§ **What is being asked**
Your response must be made up of each line in the data below that contains the string "digraph".

Exercise input START

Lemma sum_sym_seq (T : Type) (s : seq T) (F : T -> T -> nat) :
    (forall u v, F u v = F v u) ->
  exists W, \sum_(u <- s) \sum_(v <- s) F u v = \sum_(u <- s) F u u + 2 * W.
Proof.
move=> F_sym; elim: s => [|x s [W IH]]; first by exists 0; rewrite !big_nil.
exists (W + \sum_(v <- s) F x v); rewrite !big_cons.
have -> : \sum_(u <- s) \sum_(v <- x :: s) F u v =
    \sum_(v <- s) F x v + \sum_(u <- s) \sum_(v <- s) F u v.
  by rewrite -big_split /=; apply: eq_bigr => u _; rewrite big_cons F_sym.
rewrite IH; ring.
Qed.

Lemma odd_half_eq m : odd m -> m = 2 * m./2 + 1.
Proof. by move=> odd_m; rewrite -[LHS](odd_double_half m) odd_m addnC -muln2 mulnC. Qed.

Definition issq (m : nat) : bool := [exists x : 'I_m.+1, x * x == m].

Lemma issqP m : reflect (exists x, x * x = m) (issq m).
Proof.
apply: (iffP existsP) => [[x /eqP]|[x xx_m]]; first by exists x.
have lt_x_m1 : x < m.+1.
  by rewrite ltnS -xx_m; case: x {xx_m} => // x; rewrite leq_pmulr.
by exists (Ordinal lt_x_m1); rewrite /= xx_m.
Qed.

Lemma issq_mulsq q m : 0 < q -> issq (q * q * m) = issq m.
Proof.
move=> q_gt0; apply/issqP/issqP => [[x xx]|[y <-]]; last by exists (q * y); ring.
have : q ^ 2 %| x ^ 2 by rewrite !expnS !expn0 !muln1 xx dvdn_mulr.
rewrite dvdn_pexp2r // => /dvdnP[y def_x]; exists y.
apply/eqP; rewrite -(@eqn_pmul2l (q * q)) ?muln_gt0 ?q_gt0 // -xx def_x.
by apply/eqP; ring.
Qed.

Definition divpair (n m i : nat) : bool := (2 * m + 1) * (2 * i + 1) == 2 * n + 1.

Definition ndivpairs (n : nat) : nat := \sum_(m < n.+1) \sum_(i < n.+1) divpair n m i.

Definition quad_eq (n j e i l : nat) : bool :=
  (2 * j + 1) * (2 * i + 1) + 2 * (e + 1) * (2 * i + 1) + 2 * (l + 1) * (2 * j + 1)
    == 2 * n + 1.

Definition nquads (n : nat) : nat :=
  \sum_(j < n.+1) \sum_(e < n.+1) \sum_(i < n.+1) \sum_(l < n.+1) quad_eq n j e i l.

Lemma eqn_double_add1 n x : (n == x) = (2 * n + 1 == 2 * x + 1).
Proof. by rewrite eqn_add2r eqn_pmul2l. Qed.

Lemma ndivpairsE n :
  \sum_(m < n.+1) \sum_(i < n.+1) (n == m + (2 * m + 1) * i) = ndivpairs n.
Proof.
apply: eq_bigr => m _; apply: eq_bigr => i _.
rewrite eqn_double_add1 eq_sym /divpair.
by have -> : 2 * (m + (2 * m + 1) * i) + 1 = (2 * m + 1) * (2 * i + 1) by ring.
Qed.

Exercise input END
Exercise input START

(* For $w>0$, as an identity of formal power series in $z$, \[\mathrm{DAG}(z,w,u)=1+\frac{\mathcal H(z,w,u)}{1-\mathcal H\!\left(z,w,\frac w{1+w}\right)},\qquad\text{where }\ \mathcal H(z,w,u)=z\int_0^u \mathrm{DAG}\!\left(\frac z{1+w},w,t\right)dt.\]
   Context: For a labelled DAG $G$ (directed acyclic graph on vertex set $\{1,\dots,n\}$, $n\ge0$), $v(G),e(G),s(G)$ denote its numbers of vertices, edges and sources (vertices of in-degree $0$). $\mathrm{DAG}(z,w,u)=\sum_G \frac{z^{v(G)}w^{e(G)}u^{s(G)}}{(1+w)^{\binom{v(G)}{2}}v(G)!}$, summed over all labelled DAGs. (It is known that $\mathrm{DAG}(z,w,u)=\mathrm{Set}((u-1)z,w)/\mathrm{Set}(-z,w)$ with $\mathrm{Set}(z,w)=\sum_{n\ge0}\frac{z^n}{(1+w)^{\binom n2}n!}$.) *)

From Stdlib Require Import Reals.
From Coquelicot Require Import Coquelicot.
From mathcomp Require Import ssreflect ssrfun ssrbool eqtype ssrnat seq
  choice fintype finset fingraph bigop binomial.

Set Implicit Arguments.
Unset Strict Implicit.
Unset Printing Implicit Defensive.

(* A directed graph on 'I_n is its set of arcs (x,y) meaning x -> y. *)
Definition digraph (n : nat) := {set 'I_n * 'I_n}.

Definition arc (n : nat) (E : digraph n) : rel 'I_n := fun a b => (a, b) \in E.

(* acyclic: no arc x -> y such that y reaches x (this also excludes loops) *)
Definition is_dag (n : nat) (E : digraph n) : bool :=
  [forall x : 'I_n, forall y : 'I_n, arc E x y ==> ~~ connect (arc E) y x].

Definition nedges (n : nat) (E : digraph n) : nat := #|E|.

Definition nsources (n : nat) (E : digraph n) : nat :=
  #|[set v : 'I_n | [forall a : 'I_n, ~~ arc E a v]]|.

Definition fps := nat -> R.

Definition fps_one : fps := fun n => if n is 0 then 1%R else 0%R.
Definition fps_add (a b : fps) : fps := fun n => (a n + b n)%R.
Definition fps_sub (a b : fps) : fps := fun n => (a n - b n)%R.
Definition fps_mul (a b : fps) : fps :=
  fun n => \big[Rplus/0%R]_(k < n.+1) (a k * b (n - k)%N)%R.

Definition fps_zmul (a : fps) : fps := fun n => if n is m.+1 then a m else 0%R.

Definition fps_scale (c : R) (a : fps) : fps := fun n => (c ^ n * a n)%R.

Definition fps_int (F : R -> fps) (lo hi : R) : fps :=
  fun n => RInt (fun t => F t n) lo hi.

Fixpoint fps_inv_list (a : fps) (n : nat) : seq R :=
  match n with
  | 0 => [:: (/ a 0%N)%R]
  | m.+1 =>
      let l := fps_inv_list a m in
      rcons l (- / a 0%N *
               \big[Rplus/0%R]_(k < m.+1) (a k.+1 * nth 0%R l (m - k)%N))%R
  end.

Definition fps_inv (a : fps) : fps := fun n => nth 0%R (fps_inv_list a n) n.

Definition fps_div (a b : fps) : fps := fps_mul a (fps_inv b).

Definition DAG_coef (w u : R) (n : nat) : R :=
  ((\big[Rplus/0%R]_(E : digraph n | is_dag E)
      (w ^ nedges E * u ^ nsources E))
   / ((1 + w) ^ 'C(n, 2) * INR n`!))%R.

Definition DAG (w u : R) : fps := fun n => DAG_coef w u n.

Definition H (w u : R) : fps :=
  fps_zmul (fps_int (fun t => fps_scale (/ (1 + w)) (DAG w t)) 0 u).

Exercise input END
Exercise input START

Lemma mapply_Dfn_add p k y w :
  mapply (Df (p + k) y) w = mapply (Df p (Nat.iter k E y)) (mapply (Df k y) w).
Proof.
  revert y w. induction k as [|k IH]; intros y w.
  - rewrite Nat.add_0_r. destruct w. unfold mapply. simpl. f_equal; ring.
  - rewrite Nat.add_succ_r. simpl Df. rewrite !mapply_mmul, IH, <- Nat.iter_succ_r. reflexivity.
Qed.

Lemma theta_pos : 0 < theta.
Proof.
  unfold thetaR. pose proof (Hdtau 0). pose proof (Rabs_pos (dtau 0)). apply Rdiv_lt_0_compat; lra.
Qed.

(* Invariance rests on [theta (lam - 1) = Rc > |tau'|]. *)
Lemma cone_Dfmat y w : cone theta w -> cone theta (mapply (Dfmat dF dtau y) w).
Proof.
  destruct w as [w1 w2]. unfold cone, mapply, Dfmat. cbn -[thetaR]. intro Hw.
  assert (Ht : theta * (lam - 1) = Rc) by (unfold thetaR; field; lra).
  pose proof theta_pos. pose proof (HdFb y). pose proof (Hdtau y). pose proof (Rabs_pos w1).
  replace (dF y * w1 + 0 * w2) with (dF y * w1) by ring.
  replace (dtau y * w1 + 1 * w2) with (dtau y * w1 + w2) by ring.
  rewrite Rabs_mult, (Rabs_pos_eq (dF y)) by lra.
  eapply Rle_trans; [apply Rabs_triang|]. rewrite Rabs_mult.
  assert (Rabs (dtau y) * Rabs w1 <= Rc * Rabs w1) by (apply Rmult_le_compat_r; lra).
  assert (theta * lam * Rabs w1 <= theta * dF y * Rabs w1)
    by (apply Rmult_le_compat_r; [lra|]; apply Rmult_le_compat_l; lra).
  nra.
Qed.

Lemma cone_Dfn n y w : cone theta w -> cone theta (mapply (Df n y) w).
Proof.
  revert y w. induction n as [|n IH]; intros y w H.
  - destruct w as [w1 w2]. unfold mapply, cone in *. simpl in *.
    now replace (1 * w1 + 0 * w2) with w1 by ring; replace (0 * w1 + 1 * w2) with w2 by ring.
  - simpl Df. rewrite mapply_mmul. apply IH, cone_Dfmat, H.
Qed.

Exercise input END

§ **Result for this exercise**
Definition digraph (n : nat) := {set 'I_n * 'I_n}.
Definition arc (n : nat) (E : digraph n) : rel 'I_n := fun a b => (a, b) \in E.
Definition is_dag (n : nat) (E : digraph n) : bool :=
Definition nedges (n : nat) (E : digraph n) : nat := #|E|.
Definition nsources (n : nat) (E : digraph n) : nat :=
  ((\big[Rplus/0%R]_(E : digraph n | is_dag E)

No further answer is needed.